# Mystery/Apple Snails Eat Plants?



## Buggy (22 Apr 2022)

Having everything in place and finalising my list of plants I've spent the evening getting down to choosing my livestock. I've always thought I'd go with Mystery snails as I like the idea of them breeding and allowing me to, since I'm on a budget, moving the extra to other tanks when the time comes.

As I was researching them I discovered that one seller adds a warning to the sales page:

** Attention: Apple Snails will eat aquarium plants. Mostly soft-leafed plants and mosses will be devoured quickly. This can be reduced if they are offered plenty of greenery like cucumbers, courgette, spinach etc. They are less attracted to hard leaved plants like Anubias and Java Ferns. *

Is this likely? Or more if they're not fed appropriately? It'd certainly be a deal breaker if so. And if so, is there a better choice for a snail that'll breed, assist slightly with "maintenance", and leave my carefully chosen plants alone?

The substrate is soil, in a 245L tank, heavily planted with wood and stone hardscape.  *


----------



## Hufsa (22 Apr 2022)

Oh yeah. RIP your plants.

Any kind of "pest" snails do good jobs at eating biofilm off plant leaves before it turns into algae. I find they get less credit than what they deserve at helping keep things clean. They reach places big snails and fish cannot. I partial to the Physella acuta species, they have a subtle beauty.


----------



## Buggy (22 Apr 2022)

Hufsa said:


> Oh yeah. RIP your plants.
> Any kind of "pest" snails do good jobs at eating biofilm off plant leaves before it turns into algae. I find they get less credit than what they deserve at helping keep things clean. They reach places big snails and fish cannot.
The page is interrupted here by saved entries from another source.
Lemma glue_met_pr_i x z : z \in He -> M x (pi z) = etae (pi x) z.
Proof.
move=> Hez; rewrite -{2}(pr_e_id td Hez) /pr_e.
rewrite (bilinear_onDr etae_bil) ?pi_He ?pv_He // (etae_orth (pr_i_in x) (pr_v_in z)).
rewrite glue_met_components (pr_ii td) (pr_vi td) (pr_gi td).
by rewrite (bilinear_on0r etae_bil (pv_He x)) (bilinear_on0r etaG_bil (pg_HG x)) !addr0.
Qed.

Lemma glue_met_pr_v x z : z \in He -> M x (pv z) = etae (pv x) z.
Proof.
move=> Hez; rewrite -{2}(pr_e_id td Hez) /pr_e.
rewrite (bilinear_onDr etae_bil) ?pi_He ?pv_He // etae_sym ?pv_He ?pi_He //.
rewrite (etae_orth (pr_i_in z) (pr_v_in x)) glue_met_components.
rewrite (pr_iv td) (pr_vv td) (pr_gv td).
rewrite (bilinear_on0r etae_bil (pi_He x)) (bilinear_on0r etaG_bil (pg_HG x)).
by rewrite addr0 !add0r.
Qed.

Lemma glue_met_pr_g x z : z \in HG -> M x (pg z) = etaG (pg x) z.
Proof.
move=> HGz; rewrite -{2}(pr_G_id td HGz) /pr_G.
rewrite (bilinear_onDr etaG_bil) ?pi_HG ?pg_HG // etaG_sym ?pg_HG ?pi_HG //.
rewrite (etaG_orth (pr_i_in z) (pr_g_in x)) glue_met_components.
rewrite (pr_ig td) (pr_vg td) (pr_gg td).
by rewrite (bilinear_on0r etae_bil (pi_He x)) (bilinear_on0r etae_bil (pv_He x)) !add0r.
Qed.

Lemma glue_met_nondeg : nondeg_on fullv M.
Proof.
move=> x _ x_orth.
have pi0 : pi x = 0.
  by apply: etae_nd (pi_He x) _ => z Hez; rewrite -glue_met_pr_i ?x_orth ?memvf.
have pv0 : pv x = 0.
  by apply: etae_nd (pv_He x) _ => z Hez; rewrite -glue_met_pr_v ?x_orth ?memvf.
have pg0 : pg x = 0.
  by apply: etaG_nd (pg_HG x) _ => z HGz; rewrite -glue_met_pr_g ?x_orth ?memvf.
by rewrite (pr_decomp td x) pi0 pv0 pg0 !addr0.
Qed.

Lemma glue_met_rho x y : M (rho x) (rho y) = M x y.
Proof.
rewrite !glue_met_components.
have [-> -> ->] := pr_glue_rho td x; have [-> -> ->] := pr_glue_rho td y.
rewrite (bilinear_onNl etae_bil) ?memvN ?pv_He //.
by rewrite (bilinear_onNr etae_bil) ?pv_He // opprK.
Qed.

Lemma glue_met_orth x y : x \in He -> y \in Hg -> M x y = 0.
Proof.
rewrite (mem_He td) => /eqP pg0 Hy; have [Eiy Evy _] := pr_on_g td Hy.
rewrite glue_met_components pg0 Eiy Evy.
rewrite (bilinear_on0r etae_bil (pi_He x)) (bilinear_on0r etae_bil (pv_He x)).
by rewrite (bilinear_on0l etaG_bil (pg_HG y)) !addr0.
Qed.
I partial to the Physella acuta species, they have a subtle beauty.


Am I to take that as.. if you have to pay for snails then bye-bye plants, but if they come for free attached to plants then they're rather marvellous?


----------



## Hufsa (23 Apr 2022)

Oh sorry I was not clear, Apple snails will in most cases eat your plants, while pest snails wont


----------



## mort (23 Apr 2022)

The selection of colourful ramshorn snails available should be ok for you. They can occasionally eat some plants (going by what I've read from others but not personally witnessed myself) but are mostly well behaved. The exception is the giant ramshorn snail which will eat plants.


----------



## sparkyweasel (23 Apr 2022)

Buggy said:


> This can be reduced if they are offered plenty of greenery like cucumbers, courgette, spinach etc


You would need a lot; my four could eat a whole cucumber or a whole lettuce in a day. I suspect they would still have eaten any plants I put in with them.


----------



## Ajm200 (29 Apr 2022)

Apple snails used to destroy my amazon sword plants in days in my big tank.  Back when plants were cheap to replace


----------



## Simon Cole (29 Apr 2022)

Apple snails were illegal anyway. They were never included in WCA Schedule 9, but they were banned from import or being "spread" in the EU (Commission Decision 2012/697/EU). Defra currently publicise: _"any current sales or breeding of Pomacea would be in breach of the legislation".  _The whole genus was banned!

On a side note, I found an escaped population 25 years ago in a small stream in Great Horwood, Buckinghamshire and I was genuinely quite surprised because they are thought to be unable to survive the UK winter, which is probably also the reason why they were not added to Schedule 9. I found them during milder months of the year. We have had several cold winters since the clement weather of the 1990s so I doubt that particular non-native community has survived. They were very localised, there were very few living plants, and I did not find them elsewhere when I surveyed in later years other parts of the same tributary.


----------



## Buggy (29 Apr 2022)

Simon Cole said:


> Apple snails are illegal anyway. They were never included in WCA Schedule 9, but they were banned from import or being "spread" in the EU (Commission Decision 2012/697/EU), which is currently retained as UK law. Defra state: _"any current sales or breeding of Pomacea would be in breach of the legislation".  _The whole genus is banned!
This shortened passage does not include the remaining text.